Lemma bra_sys_mulmxV phi :
  adjmx phi *m phi = 1%:M -> bra_sys phi *m adjmx (bra_sys phi) = 1%:M.
Proof.
move=> phi1; have norm1 : \sum_x (phi x 0)^* * phi x 0 = 1.
  have := congr1 (fun A : 'M[C]_1 => A 0 0) phi1.
  rewrite mxE [RHS]mxE eqxx mulr1n => <-.
  by apply: eq_bigr=> x _; rewrite mxE.
apply/matrixP=> a b; rewrite [LHS]mxE [RHS]mxE sum_mxtens_index exchange_big.
rewrite (bigD1 a) //= [X in _ + X]big1 => [|c ca]; last first.
  by apply: big1=> x _; rewrite !bra_sysE (negPf ca) !mul0r.
transitivity ((a == b)%:R * \sum_x (phi x 0)^* * phi x 0); last by rewrite norm1 mulr1.
rewrite addr0 mulr_sumr; apply: eq_bigr=> x _.
by rewrite bra_sysE adjmx_bra_sysE eqxx mul1r mulrCA.
Qed.

Lemma bra_sys_tens phi (tau : 'M[C]_d) :
  adjmx (bra_sys phi) *m tau *m bra_sys phi = (phi *m adjmx phi) *t tau.
Proof.
apply/matrixP=> p p'; case: (mxtens_indexP p)=> x a; case: (mxtens_indexP p')=> y b.
rewrite tensmxE -{2}(adjmxK (bra_sys phi)) mulmx_adjmxE.
rewrite (bigD1 a) //= [X in _ + X]big1 => [|c ca]; last first.
  by apply: big1=> e _; rewrite !adjmx_bra_sysE eq_sym (negPf ca) !mul0r.
rewrite addr0 (bigD1 b) //= [X in _ + X]big1 => [|e eb]; last first.
  by rewrite !adjmx_bra_sysE [b == e]eq_sym (negPf eb) mul0r rmorph0 mulr0.
rewrite addr0 !adjmx_bra_sysE !eqxx !mul1r [in RHS]mxE big_ord1 mxE.
by rewrite mulrAC.
Qed.

End Contractions.

(** * The difference of two measurement channels *)

Section DeltaChannel.
Variable R : realType.
Local Notation C := R[i].
Variables (d n : nat) (M N : 'I_n -> 'M[C]_d).
Local Notation Dm i := (M i - N i).
Local Notation Delta := (delta_channel M N).
Local Notation Kmx := (\sum_i absmx (Dm i)).

Definition outcome_block (rho : 'M[C]_(d * d)) i : 'M[C]_d :=
  \matrix_(a, b) \tr (anc_block rho a b *m Dm i).

Lemma delta_channelE X i j : Delta X i j = (i == j)%:R * \tr (X *m Dm i).
Proof.
rewrite /delta_channel /meas_channel !mxE mulmxBr raddfB /=.
by rewrite mulrBr !mulr_natl.
Qed.

Lemma tensI_delta_channel rho : tensI Delta rho = bdiagmx (outcome_block rho).
Proof.
apply/matrixP=> p q; case: (mxtens_indexP p)=> i a; case: (mxtens_indexP q)=> j b.
rewrite bdiagmxE /tensI !summxE.
under eq_bigr => a' _ do rewrite summxE.
under eq_bigr => a' _ do under eq_bigr => b' _ do rewrite tensmxE [delta_mx _ _ _ _]mxE.
by rewrite sum_pair_delta delta_channelE mxE.
Qed.

Lemma choi_delta_channel : choi Delta = bdiagmx (fun i => (Dm i)^T).
Proof.
apply/matrixP=> p q; case: (mxtens_indexP p)=> i x; case: (mxtens_indexP q)=> j y.
rewrite bdiagmxE /choi !summxE.
under eq_bigr => a' _ do rewrite summxE.
under eq_bigr => a' _ do under eq_bigr => b' _ do rewrite tensmxE [delta_mx _ _ _ _]mxE.
by rewrite sum_pair_delta delta_channelE mxtrace_delta_mul [_^T _ _]mxE.
Qed.

Lemma mxtrace_compress_outcome (q : 'cV[C]_d) rho i :
  \tr (bra_anc q *m rho *m adjmx (bra_anc q) *m Dm i) = qform (outcome_block rho i) q.
Proof.
rewrite compress_bra_anc qformE mulmx_suml raddf_sum /=; apply: eq_bigr=> a _.
rewrite mulmx_suml raddf_sum /=; apply: eq_bigr=> b _.
by rewrite -scalemxAl mxtraceZ mxE mulrAC.
Qed.

Hypothesis hD : forall i, adjmx (Dm i) = Dm i.

Lemma adjmx_outcome_block rho i :
  adjmx rho = rho -> adjmx (outcome_block rho i) = outcome_block rho i.
Proof.
move=> hr; apply/matrixP=> a b; rewrite !mxE -mxtrace_adjmx adjmxM.
by rewrite adjmx_anc_block // hD mxtrace_mulC.
Qed.

Lemma trnorm_tensI_le rho : psdmx rho ->
  Complex (trnorm (tensI Delta rho)) 0 <= \tr (ptrace_anc rho *m Kmx).
Proof.
move=> pr; have hB i := adjmx_outcome_block i (psdmx_herm pr).
rewrite tensI_delta_channel.
rewrite (@trnorm_bdiag _ _ _ _ (fun i => absmx (outcome_block rho i))); last first.
  by move=> i; split; [exact: absmx_psd | exact: absmx_sq].
rewrite mulmx_sumr raddf_sum /=; apply: ler_sum=> i _.
rewrite mxtrace_absmx (ptrace_anc_decomp rho (sum_spectral_vec (outcome_block rho i))).
rewrite mulmx_suml raddf_sum /=; apply: ler_sum=> k _.
rewrite -(qform_spectral_vec (hB i)) -mxtrace_compress_outcome.
by apply: norm_mxtrace_mul_le; [exact: hD | exact: psdmx_conj].
Qed.

Lemma psdmx_sum_absmx : psdmx Kmx.
Proof. by apply: psdmx_sum=> i; exact: absmx_psd. Qed.

Hypothesis hd : (0 < d)%N.

Lemma me_norm_delta :
  Complex (d%:R * me_norm Delta) 0 = \sum_i \tr (absmx (Dm i)).
Proof.
have dC : (d%:R : C) != 0 by rewrite pnatr_eq0 -lt0n.
have -> : Complex (d%:R * me_norm Delta) 0 = d%:R * Complex (me_norm Delta) 0.
  by have := rmorphM (real_complex R) d%:R (me_norm Delta); rewrite rmorph_nat.
rewrite /me_norm choi_delta_channel scale_bdiag.
rewrite (@trnorm_bdiag _ _ _ _ (fun i => d%:R^-1 *: (absmx (Dm i))^T)).
  rewrite mulr_sumr; apply: eq_bigr=> i _.
  by rewrite mxtraceZ mxtrace_tr mulrA mulfV // mul1r.
move=> i; split.
  by apply: psdmxZ; [rewrite invr_ge0 ler0n | exact/psdmx_trmx/absmx_psd].
rewrite adjmxZ adjmx_trmx hD -!scalemxAl -!scalemxAr !scalerA.
by rewrite conj_Creal ?realV ?realn // -!trmx_mul absmx_sq hD.
Qed.

Lemma diamond_nonempty :
  ([set r : R | exists rho : 'M[C]_(d * d), densitymx rho /\
     r = trnorm (tensI Delta rho)] !=set0)%classic.
Proof.
pose p0 : 'I_(d * d) := Ordinal (ltn_mul hd hd).
by eexists; exists (delta_mx p0 p0); split; [exact: densitymx_delta |].
Qed.

Lemma diamond_le_eig (l : R) :
  (forall k, spectral_diag Kmx 0 k <= Complex l 0) -> diamond_norm Delta <= l.
Proof.
move=> Kl; apply: ge_sup; first exact: diamond_nonempty.
move=> r [rho [[pr tr1] ->]].
have hK := psdmx_herm psdmx_sum_absmx.
have := le_trans (trnorm_tensI_le pr) (mxtrace_mul_le_eig hK (psdmx_ptrace_anc pr) Kl).
by rewrite mxtrace_ptrace_anc tr1 mul1r lecE /= => /andP[_].
Qed.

* PROBLEM *
Would you restate each line of the material above word for word?

* SOLUTION FOR THIS TASK *
Lemma bra_sys_mulmxV phi :
  adjmx phi *m phi = 1%:M -> bra_sys phi *m adjmx (bra_sys phi) = 1%:M.
Proof.
move=> phi1; have norm1 : \sum_x (phi x 0)^* * phi x 0 = 1.
  have := congr1 (fun A : 'M[C]_1 => A 0 0) phi1.
  rewrite mxE [RHS]mxE eqxx mulr1n => <-.
  by apply: eq_bigr=> x _; rewrite mxE.
apply/matrixP=> a b; rewrite [LHS]mxE [RHS]mxE sum_mxtens_index exchange_big.
rewrite (bigD1 a) //= [X in _ + X]big1 => [|c ca]; last first.
  by apply: big1=> x _; rewrite !bra_sysE (negPf ca) !mul0r.
transitivity ((a == b)%:R * \sum_x (phi x 0)^* * phi x 0); last by rewrite norm1 mulr1.
rewrite addr0 mulr_sumr; apply: eq_bigr=> x _.
by rewrite bra_sysE adjmx_bra_sysE eqxx mul1r mulrCA.
Qed.

Lemma bra_sys_tens phi (tau : 'M[C]_d) :
  adjmx (bra_sys phi) *m tau *m bra_sys phi = (phi *m adjmx phi) *t tau.
Proof.
apply/matrixP=> p p'; case: (mxtens_indexP p)=> x a; case: (mxtens_indexP p')=> y b.
rewrite tensmxE -{2}(adjmxK (bra_sys phi)) mulmx_adjmxE.
rewrite (bigD1 a) //= [X in _ + X]big1 => [|c ca]; last first.
  by apply: big1=> e _; rewrite !adjmx_bra_sysE eq_sym (negPf ca) !mul0r.
rewrite addr0 (bigD1 b) //= [X in _ + X]big1 => [|e eb]; last first.
  by rewrite !adjmx_bra_sysE [b == e]eq_sym (negPf eb) mul0r rmorph0 mulr0.
rewrite addr0 !adjmx_bra_sysE !eqxx !mul1r [in RHS]mxE big_ord1 mxE.
by rewrite mulrAC.
Qed.

End Contractions.

(** * The difference of two measurement channels *)

Section DeltaChannel.
Variable R : realType.
Local Notation C := R[i].
Variables (d n : nat) (M N : 'I_n -> 'M[C]_d).
Local Notation Dm i := (M i - N i).
Local Notation Delta := (delta_channel M N).
Local Notation Kmx := (\sum_i absmx (Dm i)).

Definition outcome_block (rho : 'M[C]_(d * d)) i : 'M[C]_d :=
  \matrix_(a, b) \tr (anc_block rho a b *m Dm i).

Lemma delta_channelE X i j : Delta X i j = (i == j)%:R * \tr (X *m Dm i).
Proof.
rewrite /delta_channel /meas_channel !mxE mulmxBr raddfB /=.
by rewrite mulrBr !mulr_natl.
Qed.

Lemma tensI_delta_channel rho : tensI Delta rho = bdiagmx (outcome_block rho).
Proof.
apply/matrixP=> p q; case: (mxtens_indexP p)=> i a; case: (mxtens_indexP q)=> j b.
rewrite bdiagmxE /tensI !summxE.
under eq_bigr => a' _ do rewrite summxE.
under eq_bigr => a' _ do under eq_bigr => b' _ do rewrite tensmxE [delta_mx _ _ _ _]mxE.
by rewrite sum_pair_delta delta_channelE mxE.
Qed.

Lemma choi_delta_channel : choi Delta = bdiagmx (fun i => (Dm i)^T).
Proof.
apply/matrixP=> p q; case: (mxtens_indexP p)=> i x; case: (mxtens_indexP q)=> j y.
rewrite bdiagmxE /choi !summxE.
under eq_bigr => a' _ do rewrite summxE.
under eq_bigr => a' _ do under eq_bigr => b' _ do rewrite tensmxE [delta_mx _ _ _ _]mxE.
by rewrite sum_pair_delta delta_channelE mxtrace_delta_mul [_^T _ _]mxE.
Qed.

Lemma mxtrace_compress_outcome (q : 'cV[C]_d) rho i :
  \tr (bra_anc q *m rho *m adjmx (bra_anc q) *m Dm i) = qform (outcome_block rho i) q.
Proof.
rewrite compress_bra_anc qformE mulmx_suml raddf_sum /=; apply: eq_bigr=> a _.
rewrite mulmx_suml raddf_sum /=; apply: eq_bigr=> b _.
by rewrite -scalemxAl mxtraceZ mxE mulrAC.
Qed.

Hypothesis hD : forall i, adjmx (Dm i) = Dm i.

Lemma adjmx_outcome_block rho i :
  adjmx rho = rho -> adjmx (outcome_block rho i) = outcome_block rho i.
Proof.
move=> hr; apply/matrixP=> a b; rewrite !mxE -mxtrace_adjmx adjmxM.
by rewrite adjmx_anc_block // hD mxtrace_mulC.
Qed.

Lemma trnorm_tensI_le rho : psdmx rho ->
  Complex (trnorm (tensI Delta rho)) 0 <= \tr (ptrace_anc rho *m Kmx).
Proof.
move=> pr; have hB i := adjmx_outcome_block i (psdmx_herm pr).
rewrite tensI_delta_channel.
rewrite (@trnorm_bdiag _ _ _ _ (fun i => absmx (outcome_block rho i))); last first.
  by move=> i; split; [exact: absmx_psd | exact: absmx_sq].
rewrite mulmx_sumr raddf_sum /=; apply: ler_sum=> i _.
rewrite mxtrace_absmx (ptrace_anc_decomp rho (sum_spectral_vec (outcome_block rho i))).
rewrite mulmx_suml raddf_sum /=; apply: ler_sum=> k _.
rewrite -(qform_spectral_vec (hB i)) -mxtrace_compress_outcome.
by apply: norm_mxtrace_mul_le; [exact: hD | exact: psdmx_conj].
Qed.

Lemma psdmx_sum_absmx : psdmx Kmx.
Proof. by apply: psdmx_sum=> i; exact: absmx_psd. Qed.

Hypothesis hd : (0 < d)%N.

Lemma me_norm_delta :
  Complex (d%:R * me_norm Delta) 0 = \sum_i \tr (absmx (Dm i)).
Proof.
have dC : (d%:R : C) != 0 by rewrite pnatr_eq0 -lt0n.
have -> : Complex (d%:R * me_norm Delta) 0 = d%:R * Complex (me_norm Delta) 0.
  by have := rmorphM (real_complex R) d%:R (me_norm Delta); rewrite rmorph_nat.
rewrite /me_norm choi_delta_channel scale_bdiag.
rewrite (@trnorm_bdiag _ _ _ _ (fun i => d%:R^-1 *: (absmx (Dm i))^T)).
  rewrite mulr_sumr; apply: eq_bigr=> i _.
  by rewrite mxtraceZ mxtrace_tr mulrA mulfV // mul1r.
move=> i; split.
  by apply: psdmxZ; [rewrite invr_ge0 ler0n | exact/psdmx_trmx/absmx_psd].
rewrite adjmxZ adjmx_trmx hD -!scalemxAl -!scalemxAr !scalerA.
by rewrite conj_Creal ?realV ?realn // -!trmx_mul absmx_sq hD.
Qed.

Lemma diamond_nonempty :
  ([set r : R | exists rho : 'M[C]_(d * d), densitymx rho /\
     r = trnorm (tensI Delta rho)] !=set0)%classic.
Proof.
pose p0 : 'I_(d * d) := Ordinal (ltn_mul hd hd).
by eexists; exists (delta_mx p0 p0); split; [exact: densitymx_delta |].
Qed.

Lemma diamond_le_eig (l : R) :
  (forall k, spectral_diag Kmx 0 k <= Complex l 0) -> diamond_norm Delta <= l.
Proof.
move=> Kl; apply: ge_sup; first exact: diamond_nonempty.
move=> r [rho [[pr tr1] ->]].
have hK := psdmx_herm psdmx_sum_absmx.
have := le_trans (trnorm_tensI_le pr) (mxtrace_mul_le_eig hK (psdmx_ptrace_anc pr) Kl).
by rewrite mxtrace_ptrace_anc tr1 mul1r lecE /= => /andP[_].
Qed.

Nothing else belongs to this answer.